**Instructions to follow:** When you reach the line with "#|neighbours P :&: R|." in the listing below, transcribe it and each line after it up to and including the line with "D' \subset D", exactly and with nothing else.

───── The data ─────

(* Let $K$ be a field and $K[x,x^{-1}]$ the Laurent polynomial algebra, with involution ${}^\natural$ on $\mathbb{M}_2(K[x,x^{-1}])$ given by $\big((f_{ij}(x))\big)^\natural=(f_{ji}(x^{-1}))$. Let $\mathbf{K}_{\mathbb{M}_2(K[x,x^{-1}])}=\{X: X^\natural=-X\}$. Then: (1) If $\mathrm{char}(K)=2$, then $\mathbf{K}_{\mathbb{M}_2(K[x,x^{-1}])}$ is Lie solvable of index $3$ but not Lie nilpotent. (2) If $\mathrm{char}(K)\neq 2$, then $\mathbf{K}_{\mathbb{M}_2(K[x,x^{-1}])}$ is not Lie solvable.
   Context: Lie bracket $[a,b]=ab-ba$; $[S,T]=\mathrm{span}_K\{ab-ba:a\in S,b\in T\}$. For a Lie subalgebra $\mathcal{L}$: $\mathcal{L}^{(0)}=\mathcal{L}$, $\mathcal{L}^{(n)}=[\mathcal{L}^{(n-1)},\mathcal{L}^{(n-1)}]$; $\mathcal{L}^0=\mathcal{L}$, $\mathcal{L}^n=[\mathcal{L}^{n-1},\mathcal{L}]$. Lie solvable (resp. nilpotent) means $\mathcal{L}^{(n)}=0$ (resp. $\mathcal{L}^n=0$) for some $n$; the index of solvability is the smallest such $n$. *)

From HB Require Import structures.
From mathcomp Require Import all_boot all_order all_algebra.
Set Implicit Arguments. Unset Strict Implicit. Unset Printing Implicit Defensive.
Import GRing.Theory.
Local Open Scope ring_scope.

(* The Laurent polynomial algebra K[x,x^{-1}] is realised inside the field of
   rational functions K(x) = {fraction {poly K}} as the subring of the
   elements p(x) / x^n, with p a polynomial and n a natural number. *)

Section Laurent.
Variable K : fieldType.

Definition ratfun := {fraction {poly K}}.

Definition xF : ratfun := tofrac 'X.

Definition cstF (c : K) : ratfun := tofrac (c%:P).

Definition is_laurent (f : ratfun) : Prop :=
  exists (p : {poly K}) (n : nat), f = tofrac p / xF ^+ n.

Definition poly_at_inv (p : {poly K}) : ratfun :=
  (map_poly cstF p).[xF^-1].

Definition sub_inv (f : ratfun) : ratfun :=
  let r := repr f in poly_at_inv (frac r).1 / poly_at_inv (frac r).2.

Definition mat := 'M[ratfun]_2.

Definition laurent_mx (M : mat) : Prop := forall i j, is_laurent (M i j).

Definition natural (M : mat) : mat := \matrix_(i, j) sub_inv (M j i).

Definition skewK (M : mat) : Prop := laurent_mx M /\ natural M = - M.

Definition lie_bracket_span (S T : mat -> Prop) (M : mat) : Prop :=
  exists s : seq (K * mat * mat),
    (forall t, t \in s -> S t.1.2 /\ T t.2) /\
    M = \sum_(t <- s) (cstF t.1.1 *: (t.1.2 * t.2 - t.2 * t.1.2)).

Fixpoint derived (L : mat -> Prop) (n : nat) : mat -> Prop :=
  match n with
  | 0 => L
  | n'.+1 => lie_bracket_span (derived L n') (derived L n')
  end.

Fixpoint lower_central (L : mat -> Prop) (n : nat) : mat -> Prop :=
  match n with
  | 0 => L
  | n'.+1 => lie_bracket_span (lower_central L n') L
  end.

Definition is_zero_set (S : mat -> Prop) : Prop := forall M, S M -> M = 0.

─────
───── The data ─────

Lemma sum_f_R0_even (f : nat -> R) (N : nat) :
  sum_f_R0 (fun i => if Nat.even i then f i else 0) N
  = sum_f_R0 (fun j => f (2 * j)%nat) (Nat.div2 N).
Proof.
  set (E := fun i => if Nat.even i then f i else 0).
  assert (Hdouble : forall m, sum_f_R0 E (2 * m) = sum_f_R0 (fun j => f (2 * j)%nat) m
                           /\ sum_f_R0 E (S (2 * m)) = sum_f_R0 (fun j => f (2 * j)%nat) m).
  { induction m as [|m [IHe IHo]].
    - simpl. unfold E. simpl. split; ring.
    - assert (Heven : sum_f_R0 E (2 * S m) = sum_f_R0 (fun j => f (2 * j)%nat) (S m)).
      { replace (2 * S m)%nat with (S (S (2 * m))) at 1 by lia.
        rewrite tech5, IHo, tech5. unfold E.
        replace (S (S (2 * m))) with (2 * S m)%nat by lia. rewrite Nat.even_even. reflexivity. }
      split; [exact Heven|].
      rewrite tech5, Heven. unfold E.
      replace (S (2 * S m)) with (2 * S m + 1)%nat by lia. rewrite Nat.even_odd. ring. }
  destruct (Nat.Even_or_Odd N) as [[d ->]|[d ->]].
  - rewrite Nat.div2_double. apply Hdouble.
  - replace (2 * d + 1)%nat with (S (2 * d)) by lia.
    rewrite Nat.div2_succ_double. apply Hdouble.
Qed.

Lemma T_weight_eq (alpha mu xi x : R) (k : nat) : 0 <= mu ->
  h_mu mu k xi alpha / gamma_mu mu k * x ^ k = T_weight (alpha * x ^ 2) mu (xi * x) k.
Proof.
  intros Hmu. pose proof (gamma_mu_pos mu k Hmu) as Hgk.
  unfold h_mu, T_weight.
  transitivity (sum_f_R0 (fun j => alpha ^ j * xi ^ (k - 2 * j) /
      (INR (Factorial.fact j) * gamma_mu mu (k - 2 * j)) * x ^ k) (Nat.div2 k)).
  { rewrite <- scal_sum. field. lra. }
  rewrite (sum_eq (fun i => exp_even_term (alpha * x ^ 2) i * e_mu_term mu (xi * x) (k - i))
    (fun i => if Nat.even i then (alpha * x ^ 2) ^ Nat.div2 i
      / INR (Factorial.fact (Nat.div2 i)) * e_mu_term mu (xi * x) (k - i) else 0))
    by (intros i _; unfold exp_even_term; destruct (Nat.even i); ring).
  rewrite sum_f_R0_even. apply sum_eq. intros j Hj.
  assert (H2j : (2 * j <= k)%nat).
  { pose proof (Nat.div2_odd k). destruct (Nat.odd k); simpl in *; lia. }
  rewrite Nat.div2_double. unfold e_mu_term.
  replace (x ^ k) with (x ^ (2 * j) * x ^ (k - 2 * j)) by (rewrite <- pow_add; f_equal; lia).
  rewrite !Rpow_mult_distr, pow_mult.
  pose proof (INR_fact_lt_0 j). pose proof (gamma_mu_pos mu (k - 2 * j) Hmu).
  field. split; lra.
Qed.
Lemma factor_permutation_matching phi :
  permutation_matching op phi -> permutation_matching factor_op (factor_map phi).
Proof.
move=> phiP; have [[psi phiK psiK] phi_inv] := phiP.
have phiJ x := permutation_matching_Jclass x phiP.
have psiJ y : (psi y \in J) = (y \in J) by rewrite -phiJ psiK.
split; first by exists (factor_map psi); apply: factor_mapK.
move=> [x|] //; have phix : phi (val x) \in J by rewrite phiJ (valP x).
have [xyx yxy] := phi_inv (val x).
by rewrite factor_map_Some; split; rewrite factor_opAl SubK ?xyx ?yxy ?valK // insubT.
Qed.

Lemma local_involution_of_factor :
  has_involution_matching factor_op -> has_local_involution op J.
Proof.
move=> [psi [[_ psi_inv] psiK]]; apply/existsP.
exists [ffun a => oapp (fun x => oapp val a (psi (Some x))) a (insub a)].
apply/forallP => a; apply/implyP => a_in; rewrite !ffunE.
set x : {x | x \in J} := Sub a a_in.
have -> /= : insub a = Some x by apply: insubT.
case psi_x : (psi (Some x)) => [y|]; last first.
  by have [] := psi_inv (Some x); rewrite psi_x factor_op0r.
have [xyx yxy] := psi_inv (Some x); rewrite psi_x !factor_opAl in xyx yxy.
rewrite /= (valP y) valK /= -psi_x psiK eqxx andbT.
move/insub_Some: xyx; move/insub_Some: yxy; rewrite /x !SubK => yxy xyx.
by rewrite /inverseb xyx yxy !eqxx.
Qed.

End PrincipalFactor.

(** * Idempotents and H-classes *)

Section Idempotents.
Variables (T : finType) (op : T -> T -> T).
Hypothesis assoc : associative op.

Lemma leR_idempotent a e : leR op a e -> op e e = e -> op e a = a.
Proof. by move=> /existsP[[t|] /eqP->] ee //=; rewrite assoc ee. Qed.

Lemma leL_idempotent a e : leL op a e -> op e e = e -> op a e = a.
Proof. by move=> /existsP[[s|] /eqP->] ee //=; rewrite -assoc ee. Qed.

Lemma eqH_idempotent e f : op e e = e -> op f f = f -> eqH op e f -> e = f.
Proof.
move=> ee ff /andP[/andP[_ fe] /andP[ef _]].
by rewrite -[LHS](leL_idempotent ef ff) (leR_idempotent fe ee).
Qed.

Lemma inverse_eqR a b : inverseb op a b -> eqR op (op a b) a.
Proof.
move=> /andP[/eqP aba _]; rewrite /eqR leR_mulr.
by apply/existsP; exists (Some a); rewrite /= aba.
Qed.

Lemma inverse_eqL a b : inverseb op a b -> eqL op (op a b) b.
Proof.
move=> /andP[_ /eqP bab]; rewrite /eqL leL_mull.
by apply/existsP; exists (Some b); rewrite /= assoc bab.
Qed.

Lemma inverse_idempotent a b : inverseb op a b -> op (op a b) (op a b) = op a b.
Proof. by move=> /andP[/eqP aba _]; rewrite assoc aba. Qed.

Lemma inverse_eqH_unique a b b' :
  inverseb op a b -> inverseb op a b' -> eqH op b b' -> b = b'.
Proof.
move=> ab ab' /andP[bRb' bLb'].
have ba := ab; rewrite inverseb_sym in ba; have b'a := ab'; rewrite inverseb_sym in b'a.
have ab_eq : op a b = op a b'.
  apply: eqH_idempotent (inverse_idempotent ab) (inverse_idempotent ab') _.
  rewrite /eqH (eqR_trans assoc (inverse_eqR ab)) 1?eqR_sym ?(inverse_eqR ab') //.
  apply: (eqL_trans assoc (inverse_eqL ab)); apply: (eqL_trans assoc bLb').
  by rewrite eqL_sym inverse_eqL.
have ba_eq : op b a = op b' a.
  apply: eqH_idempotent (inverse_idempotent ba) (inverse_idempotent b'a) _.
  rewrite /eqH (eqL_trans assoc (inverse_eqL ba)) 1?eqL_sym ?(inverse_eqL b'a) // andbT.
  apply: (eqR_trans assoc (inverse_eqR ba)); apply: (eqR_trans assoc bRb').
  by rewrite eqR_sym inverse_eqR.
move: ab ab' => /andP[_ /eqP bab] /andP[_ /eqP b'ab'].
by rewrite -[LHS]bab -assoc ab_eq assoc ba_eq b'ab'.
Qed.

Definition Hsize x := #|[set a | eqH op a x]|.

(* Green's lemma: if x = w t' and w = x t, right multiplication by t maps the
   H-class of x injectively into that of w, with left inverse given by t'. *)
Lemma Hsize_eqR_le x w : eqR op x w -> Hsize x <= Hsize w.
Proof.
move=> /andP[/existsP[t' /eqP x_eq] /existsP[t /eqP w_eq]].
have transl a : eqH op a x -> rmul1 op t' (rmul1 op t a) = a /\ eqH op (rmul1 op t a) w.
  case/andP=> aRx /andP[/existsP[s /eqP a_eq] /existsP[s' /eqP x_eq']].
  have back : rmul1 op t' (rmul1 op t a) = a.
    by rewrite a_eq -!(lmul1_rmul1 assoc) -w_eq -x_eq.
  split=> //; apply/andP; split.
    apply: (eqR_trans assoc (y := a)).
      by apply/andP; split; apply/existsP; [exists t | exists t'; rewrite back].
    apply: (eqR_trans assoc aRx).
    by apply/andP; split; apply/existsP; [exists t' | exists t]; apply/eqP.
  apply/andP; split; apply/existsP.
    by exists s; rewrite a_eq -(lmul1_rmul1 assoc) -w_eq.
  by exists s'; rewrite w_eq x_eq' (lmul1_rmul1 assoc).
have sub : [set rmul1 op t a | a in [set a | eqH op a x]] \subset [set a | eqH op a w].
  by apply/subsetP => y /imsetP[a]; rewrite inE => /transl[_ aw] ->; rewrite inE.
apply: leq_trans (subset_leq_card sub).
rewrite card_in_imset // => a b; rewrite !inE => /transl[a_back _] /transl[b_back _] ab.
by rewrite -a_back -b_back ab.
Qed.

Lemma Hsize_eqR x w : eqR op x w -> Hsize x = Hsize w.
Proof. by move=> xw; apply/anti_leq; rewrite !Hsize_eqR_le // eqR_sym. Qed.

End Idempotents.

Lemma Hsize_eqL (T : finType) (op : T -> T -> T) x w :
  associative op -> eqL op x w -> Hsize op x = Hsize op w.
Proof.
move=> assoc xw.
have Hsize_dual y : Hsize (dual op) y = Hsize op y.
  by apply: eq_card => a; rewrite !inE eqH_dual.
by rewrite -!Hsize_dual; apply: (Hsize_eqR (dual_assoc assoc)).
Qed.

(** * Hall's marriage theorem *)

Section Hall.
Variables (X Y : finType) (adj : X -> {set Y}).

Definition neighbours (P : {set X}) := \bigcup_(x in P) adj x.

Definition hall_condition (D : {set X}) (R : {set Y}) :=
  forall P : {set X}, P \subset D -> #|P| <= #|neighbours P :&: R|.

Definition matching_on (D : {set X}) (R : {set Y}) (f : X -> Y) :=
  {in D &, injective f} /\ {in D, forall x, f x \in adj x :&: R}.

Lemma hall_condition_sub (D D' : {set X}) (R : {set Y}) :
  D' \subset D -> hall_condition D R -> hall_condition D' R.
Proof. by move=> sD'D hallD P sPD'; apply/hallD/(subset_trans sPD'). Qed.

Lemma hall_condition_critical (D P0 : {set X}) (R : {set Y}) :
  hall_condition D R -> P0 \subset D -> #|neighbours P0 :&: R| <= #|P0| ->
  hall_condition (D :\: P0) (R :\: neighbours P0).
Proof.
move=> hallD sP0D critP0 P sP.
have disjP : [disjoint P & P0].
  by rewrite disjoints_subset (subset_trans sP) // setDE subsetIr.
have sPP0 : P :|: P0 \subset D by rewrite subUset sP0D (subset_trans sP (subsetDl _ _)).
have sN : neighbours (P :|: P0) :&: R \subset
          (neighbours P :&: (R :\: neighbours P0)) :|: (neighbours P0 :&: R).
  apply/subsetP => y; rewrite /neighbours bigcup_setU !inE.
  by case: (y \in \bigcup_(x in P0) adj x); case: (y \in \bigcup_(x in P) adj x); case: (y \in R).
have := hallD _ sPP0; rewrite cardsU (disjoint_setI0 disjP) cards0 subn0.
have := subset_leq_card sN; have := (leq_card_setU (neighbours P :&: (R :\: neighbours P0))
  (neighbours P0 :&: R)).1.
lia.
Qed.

─────
───── The data ─────

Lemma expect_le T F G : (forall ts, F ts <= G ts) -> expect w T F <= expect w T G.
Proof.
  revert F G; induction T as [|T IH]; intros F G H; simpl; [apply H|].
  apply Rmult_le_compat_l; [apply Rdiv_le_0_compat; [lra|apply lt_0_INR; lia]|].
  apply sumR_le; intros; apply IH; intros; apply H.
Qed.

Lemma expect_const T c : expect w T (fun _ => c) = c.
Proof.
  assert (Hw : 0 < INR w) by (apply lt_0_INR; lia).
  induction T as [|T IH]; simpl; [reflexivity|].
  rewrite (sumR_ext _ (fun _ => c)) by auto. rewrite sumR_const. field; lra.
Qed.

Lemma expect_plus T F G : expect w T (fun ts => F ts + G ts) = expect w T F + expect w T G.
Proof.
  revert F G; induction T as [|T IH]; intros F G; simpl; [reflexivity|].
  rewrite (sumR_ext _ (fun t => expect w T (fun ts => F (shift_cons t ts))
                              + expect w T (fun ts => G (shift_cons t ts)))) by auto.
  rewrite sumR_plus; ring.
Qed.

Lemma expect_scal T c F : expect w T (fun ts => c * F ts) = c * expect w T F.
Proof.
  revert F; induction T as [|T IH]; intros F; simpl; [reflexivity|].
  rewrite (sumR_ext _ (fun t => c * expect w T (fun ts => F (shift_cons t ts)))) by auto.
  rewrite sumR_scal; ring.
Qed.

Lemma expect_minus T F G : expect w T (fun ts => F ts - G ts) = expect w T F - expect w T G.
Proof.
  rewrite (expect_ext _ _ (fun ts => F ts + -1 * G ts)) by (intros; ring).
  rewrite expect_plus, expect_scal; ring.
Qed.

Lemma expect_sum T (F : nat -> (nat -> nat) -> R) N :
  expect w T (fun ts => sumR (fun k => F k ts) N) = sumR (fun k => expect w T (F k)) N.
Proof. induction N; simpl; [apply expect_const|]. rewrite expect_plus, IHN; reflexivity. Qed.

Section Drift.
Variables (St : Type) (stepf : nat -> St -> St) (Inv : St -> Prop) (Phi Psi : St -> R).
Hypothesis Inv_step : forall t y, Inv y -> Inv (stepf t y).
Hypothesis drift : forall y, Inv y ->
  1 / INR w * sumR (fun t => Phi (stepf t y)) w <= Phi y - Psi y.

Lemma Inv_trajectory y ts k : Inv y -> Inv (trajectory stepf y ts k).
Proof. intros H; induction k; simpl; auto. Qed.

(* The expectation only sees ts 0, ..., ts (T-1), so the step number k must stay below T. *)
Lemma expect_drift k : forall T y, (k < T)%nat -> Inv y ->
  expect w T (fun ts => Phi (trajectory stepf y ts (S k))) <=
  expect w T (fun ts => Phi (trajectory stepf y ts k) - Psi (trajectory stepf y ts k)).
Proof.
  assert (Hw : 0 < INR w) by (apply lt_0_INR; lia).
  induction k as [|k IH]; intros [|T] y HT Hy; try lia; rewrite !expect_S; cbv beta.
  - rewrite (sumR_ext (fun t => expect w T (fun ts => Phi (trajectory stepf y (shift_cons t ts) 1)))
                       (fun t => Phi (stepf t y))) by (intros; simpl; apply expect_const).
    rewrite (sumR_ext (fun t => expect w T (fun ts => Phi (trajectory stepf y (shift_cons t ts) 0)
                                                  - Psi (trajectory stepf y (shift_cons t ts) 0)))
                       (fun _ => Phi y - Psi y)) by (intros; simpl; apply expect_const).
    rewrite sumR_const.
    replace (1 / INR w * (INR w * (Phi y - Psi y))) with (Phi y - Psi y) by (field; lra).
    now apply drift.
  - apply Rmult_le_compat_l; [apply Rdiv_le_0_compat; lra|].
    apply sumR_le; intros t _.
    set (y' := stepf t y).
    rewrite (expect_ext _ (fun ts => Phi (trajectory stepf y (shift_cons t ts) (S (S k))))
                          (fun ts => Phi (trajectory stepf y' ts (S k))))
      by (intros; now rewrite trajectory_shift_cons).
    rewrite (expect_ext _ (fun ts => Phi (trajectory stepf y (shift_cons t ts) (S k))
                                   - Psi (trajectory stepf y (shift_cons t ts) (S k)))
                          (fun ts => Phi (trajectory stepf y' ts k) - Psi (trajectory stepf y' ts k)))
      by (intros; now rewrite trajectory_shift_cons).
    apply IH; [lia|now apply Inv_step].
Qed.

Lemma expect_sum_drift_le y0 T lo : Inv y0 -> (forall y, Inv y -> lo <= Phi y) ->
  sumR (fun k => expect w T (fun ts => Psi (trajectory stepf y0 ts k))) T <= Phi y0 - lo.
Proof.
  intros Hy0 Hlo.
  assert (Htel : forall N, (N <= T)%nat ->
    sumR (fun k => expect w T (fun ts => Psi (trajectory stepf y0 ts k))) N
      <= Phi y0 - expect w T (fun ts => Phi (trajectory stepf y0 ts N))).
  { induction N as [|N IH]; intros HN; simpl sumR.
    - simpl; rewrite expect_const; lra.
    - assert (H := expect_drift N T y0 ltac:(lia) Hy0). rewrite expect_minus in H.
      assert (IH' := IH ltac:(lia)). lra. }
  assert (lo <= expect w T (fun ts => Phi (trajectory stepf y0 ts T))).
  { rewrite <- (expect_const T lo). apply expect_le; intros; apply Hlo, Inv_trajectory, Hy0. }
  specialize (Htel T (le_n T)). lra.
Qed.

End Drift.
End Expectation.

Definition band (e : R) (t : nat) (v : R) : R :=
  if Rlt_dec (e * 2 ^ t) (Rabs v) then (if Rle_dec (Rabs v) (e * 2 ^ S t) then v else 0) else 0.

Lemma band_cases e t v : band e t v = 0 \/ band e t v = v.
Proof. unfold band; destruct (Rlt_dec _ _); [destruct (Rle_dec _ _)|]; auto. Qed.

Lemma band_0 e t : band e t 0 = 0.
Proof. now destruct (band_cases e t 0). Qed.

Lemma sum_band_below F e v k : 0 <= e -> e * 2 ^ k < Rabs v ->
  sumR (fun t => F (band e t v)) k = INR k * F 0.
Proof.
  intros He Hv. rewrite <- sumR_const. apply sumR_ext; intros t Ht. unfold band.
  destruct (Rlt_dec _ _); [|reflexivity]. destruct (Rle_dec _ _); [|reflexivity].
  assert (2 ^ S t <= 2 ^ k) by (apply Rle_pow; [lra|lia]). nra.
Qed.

─────

**Exercise solution:**
  forall P : {set X}, P \subset D -> #|P| <= #|neighbours P :&: R|.

Definition matching_on (D : {set X}) (R : {set Y}) (f : X -> Y) :=
  {in D &, injective f} /\ {in D, forall x, f x \in adj x :&: R}.

Lemma hall_condition_sub (D D' : {set X}) (R : {set Y}) :
  D' \subset D -> hall_condition D R -> hall_condition D' R.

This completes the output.